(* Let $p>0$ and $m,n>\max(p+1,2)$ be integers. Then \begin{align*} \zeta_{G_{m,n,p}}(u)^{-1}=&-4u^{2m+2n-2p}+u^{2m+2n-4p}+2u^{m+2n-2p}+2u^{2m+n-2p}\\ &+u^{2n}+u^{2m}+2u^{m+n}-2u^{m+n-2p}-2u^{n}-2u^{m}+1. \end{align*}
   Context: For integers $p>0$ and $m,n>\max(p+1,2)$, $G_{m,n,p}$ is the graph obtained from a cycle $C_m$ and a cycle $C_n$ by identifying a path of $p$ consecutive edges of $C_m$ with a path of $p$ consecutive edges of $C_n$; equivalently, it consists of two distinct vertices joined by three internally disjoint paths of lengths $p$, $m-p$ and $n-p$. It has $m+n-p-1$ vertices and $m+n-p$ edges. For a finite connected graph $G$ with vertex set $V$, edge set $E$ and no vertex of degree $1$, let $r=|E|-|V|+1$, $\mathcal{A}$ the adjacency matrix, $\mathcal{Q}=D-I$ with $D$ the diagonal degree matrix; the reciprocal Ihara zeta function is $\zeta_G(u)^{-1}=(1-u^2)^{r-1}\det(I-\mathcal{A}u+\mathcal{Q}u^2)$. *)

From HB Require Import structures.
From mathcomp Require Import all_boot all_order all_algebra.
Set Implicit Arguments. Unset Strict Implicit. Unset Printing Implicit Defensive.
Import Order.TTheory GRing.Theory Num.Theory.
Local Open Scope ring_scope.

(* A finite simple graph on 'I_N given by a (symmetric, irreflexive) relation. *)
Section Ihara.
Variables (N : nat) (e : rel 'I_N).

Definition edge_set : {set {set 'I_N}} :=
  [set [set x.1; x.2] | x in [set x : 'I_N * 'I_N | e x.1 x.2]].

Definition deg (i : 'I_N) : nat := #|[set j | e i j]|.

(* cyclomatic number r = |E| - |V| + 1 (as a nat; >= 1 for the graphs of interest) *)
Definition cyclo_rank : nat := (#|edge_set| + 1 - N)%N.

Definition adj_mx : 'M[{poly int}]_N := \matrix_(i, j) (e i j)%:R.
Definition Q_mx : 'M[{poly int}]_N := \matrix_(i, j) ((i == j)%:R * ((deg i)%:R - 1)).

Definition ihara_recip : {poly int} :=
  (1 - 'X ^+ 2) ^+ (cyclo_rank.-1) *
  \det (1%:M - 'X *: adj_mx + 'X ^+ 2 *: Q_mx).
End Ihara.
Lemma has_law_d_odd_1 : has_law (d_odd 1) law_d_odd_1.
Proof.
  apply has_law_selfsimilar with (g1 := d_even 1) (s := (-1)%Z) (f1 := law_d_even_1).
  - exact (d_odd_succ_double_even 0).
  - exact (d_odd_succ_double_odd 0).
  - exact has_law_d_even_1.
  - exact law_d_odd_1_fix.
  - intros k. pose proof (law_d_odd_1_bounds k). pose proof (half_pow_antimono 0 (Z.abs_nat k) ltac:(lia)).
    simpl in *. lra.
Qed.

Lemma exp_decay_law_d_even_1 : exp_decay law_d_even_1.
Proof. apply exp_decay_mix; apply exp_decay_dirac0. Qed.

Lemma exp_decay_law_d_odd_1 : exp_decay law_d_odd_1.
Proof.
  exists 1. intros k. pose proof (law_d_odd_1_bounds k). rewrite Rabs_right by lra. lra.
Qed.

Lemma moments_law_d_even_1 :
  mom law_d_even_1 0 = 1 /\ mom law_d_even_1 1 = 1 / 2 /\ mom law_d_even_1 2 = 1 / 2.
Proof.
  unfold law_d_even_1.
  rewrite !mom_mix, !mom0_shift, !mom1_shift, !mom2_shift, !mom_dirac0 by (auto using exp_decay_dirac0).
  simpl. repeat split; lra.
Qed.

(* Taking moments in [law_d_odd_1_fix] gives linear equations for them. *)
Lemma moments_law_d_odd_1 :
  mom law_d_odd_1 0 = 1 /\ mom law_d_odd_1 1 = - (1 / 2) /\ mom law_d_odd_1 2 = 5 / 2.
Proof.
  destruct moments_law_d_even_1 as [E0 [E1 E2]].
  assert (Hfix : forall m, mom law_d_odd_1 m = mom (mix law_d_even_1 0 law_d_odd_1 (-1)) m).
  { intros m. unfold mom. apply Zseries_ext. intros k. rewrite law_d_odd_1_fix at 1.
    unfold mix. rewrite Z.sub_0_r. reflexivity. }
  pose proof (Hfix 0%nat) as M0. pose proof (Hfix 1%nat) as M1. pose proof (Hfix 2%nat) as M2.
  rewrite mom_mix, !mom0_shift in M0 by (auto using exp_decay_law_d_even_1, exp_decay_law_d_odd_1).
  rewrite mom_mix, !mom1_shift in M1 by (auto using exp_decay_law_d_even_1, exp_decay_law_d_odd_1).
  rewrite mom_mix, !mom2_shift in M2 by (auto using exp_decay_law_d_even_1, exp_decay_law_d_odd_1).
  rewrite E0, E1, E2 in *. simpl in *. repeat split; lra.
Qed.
★ ★ ★ ★
Go through the material above and output exactly the lines from the one containing "From mathcomp Require" through the one containing "Definition deg (i".

# Written solution
From mathcomp Require Import all_boot all_order all_algebra.
Set Implicit Arguments. Unset Strict Implicit. Unset Printing Implicit Defensive.
Import Order.TTheory GRing.Theory Num.Theory.
Local Open Scope ring_scope.

(* A finite simple graph on 'I_N given by a (symmetric, irreflexive) relation. *)
Section Ihara.
Variables (N : nat) (e : rel 'I_N).

Definition edge_set : {set {set 'I_N}} :=
  [set [set x.1; x.2] | x in [set x : 'I_N * 'I_N | e x.1 x.2]].

Definition deg (i : 'I_N) : nat := #|[set j | e i j]|.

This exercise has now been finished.